(* Let $D\ge1$, let $\rho_X^G$ and $\rho_Y^G$ be any two independent $D$-mode bosonic Gaussian states, and let $\tau\in(0,1)$. Then for every order $p>1$ and every power $\kappa\ge\frac{p+1}{2}$, \[ \big(\mathbf{V}_p(\rho_X^G\boxplus_\tau\rho_Y^G)\big)^{\kappa}\ \ge\ \tau^\kappa\big(\mathbf{V}_p(\rho_X^G)\big)^{\kappa}+(1-\tau)^\kappa\big(\mathbf{V}_p(\rho_Y^G)\big)^{\kappa}, \] equivalently $\exp\!\big(\frac{\kappa}{D}S_p(\rho_X^G\boxplus_\tau\rho_Y^G)\big)\ge\tau^\kappa\exp\!\big(\frac{\kappa}{D}S_p(\rho_X^G)\big)+(1-\tau)^\kappa\exp\!\big(\frac{\kappa}{D}S_p(\rho_Y^G)\big)$.
   Context: To each $D$-mode bosonic state $\rho_X$ one associates a quasi-probability distribution $q_X$ on phase space $\mathbb{C}^D$ (e.g. the Wigner function; normalized to total integral $1$ but possibly non-positive). The quantum (differential) Rényi entropy of order $p>0$, $p\neq1$, is $S_p(\rho_X)=\frac{1}{1-p}\log\int_{\mathbb{C}^D}q_X(z)^p\,dz$, and the quantum Rényi entropy power is $\mathbf{V}_p(\rho_X)=\exp\big(\frac{1}{D}S_p(\rho_X)\big)$. The quantum convolution ($\tau$-beam-splitter) is $\rho_X\boxplus_\tau\rho_Y=\mathrm{Tr}_Y[U_\tau(\rho_X\otimes\rho_Y)U_\tau^\dagger]$ with $U_\tau$ the Gaussian beam-splitter unitary acting on annihilation operators as $\hat a_Z=\sqrt{\tau}\,\hat a_X+\sqrt{1-\tau}\,\hat a_Y$; at the level of quasi-probability distributions the output $\rho_Z=\rho_X\boxplus_\tau\rho_Y$ has $q_Z(z')=\frac{1}{\tau}\int_{\mathbb{C}^D}q_X(z)\,q_Y\!\left(\frac{z'-\sqrt{1-\tau}\,z}{\sqrt{\tau}}\right)dz$ for $z'\in\mathbb{C}^D$. *)

From HB Require Import structures.
From mathcomp Require Import all_boot all_order all_algebra.
From mathcomp Require Import all_classical all_reals all_analysis.
Set Implicit Arguments. Unset Strict Implicit. Unset Printing Implicit Defensive.
Import Order.TTheory GRing.Theory Num.Theory.
Local Open Scope ring_scope.

(* Phase space C^D is identified with R^(2D) = 'rV[R]_(2*D), with real
   quadrature coordinates r = (x_1..x_D, p_1..p_D). *)

(* Lebesgue integral over R^n, as an iterated integral of one-dimensional
   Lebesgue integrals (no n-dimensional Lebesgue measure in the library). *)
Fixpoint integral_Rn {R : realType} (n : nat) : ('rV[R]_n -> \bar R) -> \bar R :=
  match n return ('rV[R]_n -> \bar R) -> \bar R with
  | 0 => fun f => f 0
  | n'.+1 => fun f =>
      (\int[@lebesgue_measure R]_(x in [set: R])
         integral_Rn (fun v : 'rV[R]_n' =>
            f (row_mx (const_mx x : 'rV[R]_1) v)))%E
  end.

Definition symplectic {R : realType} (D : nat) : 'M[R]_(D + D) :=
  block_mx 0 1%:M (- 1%:M) 0.

Definition bilin {R : realType} n (u : 'rV[R]_n) (A : 'M[R]_n) (v : 'rV[R]_n) : R :=
  (u *m A *m v^T) 0 0.

(* V is the covariance matrix of a bona fide D-mode Gaussian state:
   V symmetric and V + (i/2) Omega >= 0 (uncertainty principle, convention
   with vacuum covariance I/2).  Positivity of the Hermitian form
   (u - i v)^T (V + (i/2) Omega) (u + i v) for all real u, v unfolds to
   u^T V u + v^T V v - u^T Omega v >= 0. *)
Definition gaussian_cov {R : realType} (D : nat) (V : 'M[R]_(D + D)) : Prop :=
  V^T = V /\
  forall u v : 'rV[R]_(D + D),
    0 <= bilin u V u + bilin v V v - bilin u (symplectic D) v.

> [What is expected] From the records above, retype only the lines starting at the line that contains "Set Implicit Arguments." and ending at the line that contains "with vacuum covariance", both included.

> [Exercise output]
Set Implicit Arguments. Unset Strict Implicit. Unset Printing Implicit Defensive.
Import Order.TTheory GRing.Theory Num.Theory.
Local Open Scope ring_scope.

(* Phase space C^D is identified with R^(2D) = 'rV[R]_(2*D), with real
   quadrature coordinates r = (x_1..x_D, p_1..p_D). *)

(* Lebesgue integral over R^n, as an iterated integral of one-dimensional
   Lebesgue integrals (no n-dimensional Lebesgue measure in the library). *)
Fixpoint integral_Rn {R : realType} (n : nat) : ('rV[R]_n -> \bar R) -> \bar R :=
  match n return ('rV[R]_n -> \bar R) -> \bar R with
  | 0 => fun f => f 0
  | n'.+1 => fun f =>
      (\int[@lebesgue_measure R]_(x in [set: R])
         integral_Rn (fun v : 'rV[R]_n' =>
            f (row_mx (const_mx x : 'rV[R]_1) v)))%E
  end.

Definition symplectic {R : realType} (D : nat) : 'M[R]_(D + D) :=
  block_mx 0 1%:M (- 1%:M) 0.

Definition bilin {R : realType} n (u : 'rV[R]_n) (A : 'M[R]_n) (v : 'rV[R]_n) : R :=
  (u *m A *m v^T) 0 0.

(* V is the covariance matrix of a bona fide D-mode Gaussian state:
   V symmetric and V + (i/2) Omega >= 0 (uncertainty principle, convention
   with vacuum covariance I/2).  Positivity of the Hermitian form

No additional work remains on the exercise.